On September 8, security forces detained Acosta while he was reporting on illegal gold mining in the remote Yapacana National Park in southern Venezuela, according to news reports and Marco Ruíz, general secretary of the Venezuela Press Workers Union.

On Tuesday, September 12, public prosecutors charged Acosta with promoting and inciting illegal mining, being in a protected area, and abetting criminal acts.

“The Venezuelan authorities must release Luis Alejandro Acosta at once and drop all charges against him,” said Cristina Zahar, CPJ’s program coordinator for Latin America and the Caribbean, in São Paulo. “It is outrageous that a journalist doing his job should be subjected to such embarrassment by his country’s authorities.”
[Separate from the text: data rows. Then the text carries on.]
(* Let $\mu\in(\mathbb Z^n_{\ge0})_+$, let $\ell\in[n]$ with $\ell\ge\ell(\mu)$, and let $F\in B(\varpi_\ell)$ be such that $F\otimes T^0_\mu$ is semistandard. Then $$\Psi_{F\otimes T^0_\mu}=t^{\ell(u_F)}(T_{u_F^{-1}})^{-1}\mathbf 1_{\varpi_\ell+\mu}.$$ In particular $\Psi_{T^0_\lambda}=\mathbf 1_\lambda$ for every $\lambda\in(\mathbb Z^n_{\ge0})_+$.
   Context: Fix $n\ge1$, $[n]=\{1,\dots,n\}$. $S_n$ with simple transpositions $s_i$ and length $\ell(\cdot)$ acts on $\mathbb Z^n$ by permuting coordinates; $\varpi_k=\varepsilon_1+\dots+\varepsilon_k$. $(\mathbb Z^n_{\ge0})_+=\{\lambda\in\mathbb Z^n_{\ge0}:\lambda_1\ge\dots\ge\lambda_n\}$, $\ell(\mu)$ = number of nonzero parts. $S_{n,\lambda}$ is the stabilizer of $\lambda$. The affine Hecke algebra $H$ is the $\mathbb Z[t^{\pm1}]$-algebra with generators $T_1,\dots,T_{n-1},X_1^{\pm1},\dots,X_n^{\pm1}$ and relations $T_i^2=(t-1)T_i+t$, $T_iT_{i+1}T_i=T_{i+1}T_iT_{i+1}$, $T_iT_j=T_jT_i$ ($|i-j|>1$), $X_iX_j=X_jX_i$, $T_iX_iT_i=tX_{i+1}$, $T_iX_j=X_jT_i$ ($j\notin\{i,i+1\}$). $T_w=T_{i_1}\cdots T_{i_m}$ for a reduced word of $w$. $H_n=\mathrm{span}\{T_w:w\in S_n\}$, $H_{n,\lambda}=\mathrm{span}\{T_w:w\in S_{n,\lambda}\}$, $\mathbf 1_\lambda=\sum_{w\in S_{n,\lambda}}T_w$. Columns: $B(\varpi_\ell)$ is the set of $C=(c_1<\dots<c_\ell)\subseteq[n]$; $u_C\in S_n$ sends $k\mapsto c_k$ ($k\le\ell$) and sends $\ell+1,\dots,n$ increasingly onto $[n]\setminus C$. Tensors $T=C_r\otimes\cdots\otimes C_1$ ($C_i\in B(\varpi_{\ell_i})$, $\ell_1\le\dots\le\ell_r$) are fillings of the Young diagram of $\sum\varpi_{\ell_i}$ with columns $C_r,\dots,C_1$ left to right; semistandard means rows weakly increase left to right. For $\mu\in(\mathbb Z^n_{\ge0})_+$, $T^0_\mu$ is the tableau of shape $\mu$ whose row $i$ is filled with $i$ (all columns equal to $(1,\dots,m)$); $T^0_0$ is empty and $F\otimes T^0_0=F$. $\Psi$: each $h\in H_n$ is uniquely $\sum_{F\in B(\varpi_\ell)}T_{u_F}h_F$ with $h_F\in H_{n,\varpi_\ell}$. For a column $C\in B(\varpi_\ell)$, $\Psi_C=t^{\ell(u_C)}(T_{u_C^{-1}})^{-1}\mathbf 1_{\varpi_\ell}$; for $T=C\otimes S$ ($C\in B(\varpi_\ell)$, $S$ with columns of length $\le\ell$), write $\Psi_S=\sum_{E\in B(\varpi_\ell)}T_{u_E}h_{E,S}$ ($h_{E,S}\in H_{n,\varpi_\ell}$) and set $\Psi_T=t^{\ell(u_C)}(T_{u_C^{-1}})^{-1}h_{C,S}$. *)

From HB Require Import structures.
From mathcomp Require Import all_boot all_order all_algebra all_fingroup.
From mathcomp Require classical_sets.
Set Implicit Arguments. Unset Strict Implicit. Unset Printing Implicit Defensive.
Import GRing.Theory.
Local Open Scope ring_scope.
Acosta reports on environmental issues in southern Amazonas state, which includes the national park, and publishes reports and videos on his personal Facebook, which has 4,900 followers.

Acosta had been reporting on military operations against illegal mining in the area when he was detained, according to a September 10 thread by the National Union of Press Workers (SNTP).

“He was reporting on his own in a risky area,” Ruíz told CPJ via WhatsApp. “All the evidence suggests that he was arrested for his journalism.”

Carlos Correa, director of the Caracas-based free-speech organization Espacio Público, told CPJ by phone that Venezuelan troops have been accused of abuses and corruption in their crackdown on illegal miners and that “for the military, it would be very uncomfortable to have someone like Acosta reporting on what they’re doing.”

CPJ’s emailed request for comment to the press department of the Attorney General’s office in Caracas did not receive a response.

CPJ has recently documented a range of threats or attacks on journalists covering illegal mining and other environmental issues in the region.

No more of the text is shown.